# Cronjob Dienst (kostenlos oder kostengünstig)?



## webix (20. Februar 2005)

Guten Tag,

wer kennt von Euch einen Cronjob Dienst, bei dem man Cronjobs anlegen kann, die entweder minütlich oder sekündlich ausgeführt werden können?


----------



## generador (20. Februar 2005)

Ist minütlich vielleicht nocht ein bisschen übertrieben
Und sekündlich erst ?

Stündlich vielleicht ja aber weniger ist doch bissl hart oder ?

Hier ist einer der kostenlose zu Verfügung stellt

http://www.cron-server.de/leistungen.php

Noch was gefunden
http://www.jgs-xa.de/sponsorportal.php?id=34&sid=


----------



## sam (21. Februar 2005)

Bei WebCron kriegst du kostenlose CronJobs, allerdings nur stündlich...
 Früher war die Seite ein wenig umständlich für Leute ohne Französisch-Kenntnisse, aber mittlerweile gibt es sogar eine deutsche Übersetzung.


----------



## webix (21. Februar 2005)

Danke für die Tipps. Wenn jemand noch weitere Internetseiten kennt, bitte posten. 

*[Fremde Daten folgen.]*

Lemma badp_vanishes eps delta : (2 <= n)%nat -> 0 < eps -> 0 < delta ->
  exists t0, forall T, badp n v A q eps t0 T 1 (fun _ => 0%nat) <= delta.
Proof.
  intros Hn Heps Hdelta.
  assert (Hn_R : 1 <= INR n) by (replace 1 with (INR 1) by reflexivity; apply le_INR; lia).
  set (c := eps / INR n). assert (Hc : 0 < c) by (apply Rdiv_lt_0_compat; lra).
  (* [K] and [t0] make both bounds start below [delta / 2]. *)
  set (K := 2 * INR n / delta). assert (HK : 0 < K) by (apply Rdiv_lt_0_compat; lra).
  destruct (urn_potential_large c K Hc HK) as [L [HL HLbig]].
  destruct (INR_unbounded (INR n * (L / c + L))) as [M HM].
  destruct (lam_uniform_lower_bound Hn) as [lm [Hlm Hlam]].
  assert (Hlm1 : lm <= 1).
  { pose proof (Hlam _ zero_quality_unsold_zero). pose proof (lam_le_q0 (fun _ => 0%nat)). lra. }
  set (mu := 1 - lm / 2). assert (Hmu : 0 < mu < 1) by (unfold mu; lra).
  assert (Hsmall : 0 < delta / 2 * mu * (/ 2) ^ M)
    by (repeat apply Rmult_lt_0_compat; try lra; apply pow_lt; lra).
  destruct (pow_lt_1_zero mu ltac:(rewrite Rabs_right; lra) _ Hsmall) as [t0 Ht0].
  exists t0. intros T.
  apply Rle_trans with (few_sales_bound mu t0 M 1 (fun _ => 0%nat) + urn_bound K (fun _ => 0%nat)).
  - apply (badp_le_supermartingale eps t0 (fun s d => few_sales_bound mu t0 M s d + urn_bound K d));
      auto using zero_quality_unsold_zero.
    + intros s d _. pose proof (few_sales_bound_nonneg mu t0 M s d ltac:(lra)).
      pose proof (urn_bound_nonneg K d HK). lra.
    + intros s d _ Hs Hbad. pose proof (few_sales_bound_nonneg mu t0 M s d ltac:(lra)).
      pose proof (urn_bound_nonneg K d HK).
      destruct (bad_state_cases eps L M d Heps HL ltac:(fold c; lra) Hbad) as [[j [Hj [HLj Hcj]]]|Hfew].
      * pose proof (urn_bound_ge_1 K d j HK Hj (HLbig j d Hj HLj Hcj)). lra.
      * pose proof (few_sales_bound_ge_1 mu t0 M s d ltac:(lra) Hs Hfew). lra.
    + intros s d Hd. rewrite next_mean_add.
      pose proof (few_sales_bound_supermartingale lm t0 M s d (conj Hlm (Hlam d Hd)) ltac:(lra))
        as Hfew. fold mu in Hfew.
      pose proof (urn_bound_supermartingale K d HK). lra.
  - pose proof (Ht0 t0 (le_n t0)) as Hpow. rewrite Rabs_right in Hpow by (apply Rle_ge, pow_le; lra).
    pose proof (few_sales_bound_start mu t0 M (delta / 2) ltac:(lra) ltac:(lra)).
    rewrite urn_bound_zero.
    assert (INR (pred n) <= INR n) by (apply le_INR; lia).
    assert (/ K * INR (pred n) <= / K * INR n)
      by (apply Rmult_le_compat_l; [apply Rlt_le, Rinv_0_lt_compat|]; lra).
    replace (/ K * INR n) with (delta / 2) in * by (unfold K; field; lra).
    lra.
Qed.

End Market.

Theorem mainTheorem8 (n : nat) (v A q : nat -> R)
  (Hn : (1 <= n)%nat)
  (Hv_dec : forall i j, (i <= j)%nat -> (j < n)%nat -> v j <= v i)
  (Hv_pos : forall i, (i < n)%nat -> 0 < v i)
  (HA : forall i, (i < n)%nat -> 0 < A i)
  (Hq1 : q 0%nat <= 1)
  (Hq_dec : forall i, (S i < n)%nat -> q (S i) < q i)
  (Hq_nonneg : 0 <= q (pred n)) :
  (* lambda_t -> q_1 almost surely: for every eps > 0, the probability that
     |lambda_s - q_1| > eps for some s >= t0 tends to 0 as t0 -> infinity
     (process starts at step 1 with d = 0) *)
  (forall eps, 0 < eps -> forall delta, 0 < delta ->
     exists t0 : nat, forall T : nat,
       badp n v A q eps t0 T 1 (fun _ => 0%nat) <= delta)
  /\
  (forall (sigma : nat -> nat) (b : nat -> R),
     is_perm n sigma ->
     (forall i, (i < n)%nat -> 0 < b i) ->
     fsum n (fun i => v (sigma i) * b i / fsum n (fun j => v (sigma j) * b j) * q i)
       <= q 0%nat).
Proof.
  split.
  - intros eps Heps delta Hdelta. destruct (Nat.eq_dec n 1) as [Hn1|Hn1].
    + exists 0%nat. intros T. apply Rle_trans with 0; [|lra].
      eapply badp_single_product; eauto.
    + apply badp_vanishes; auto; lia.
  - intros sigma b [Hsigma _] Hb. apply fsum_normalized_le.
    + intros i Hi. apply Rlt_le, Rmult_lt_0_compat; auto.
    + apply fsum_pos; auto. intros i Hi. apply Rmult_lt_0_compat; auto.
    + intros i Hi. apply (q_antitone n q Hn Hq_dec); lia.
Qed.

Die Cronjobs müssen minütlich ausgeführt werden.


----------



## sexmagic (13. März 2005)

Schau maml unter diesem Link da findest du meiner meinung nach nen ziemlich genauen Dienst, cronjob4you.at.

http://www.cronjob4you.at 

3-10 Jobs kostenlos und bisher immer sekundengenau ausgeführt!
Auch Stündlich möglich.

Vielleicht hilfts was, cucu.


----------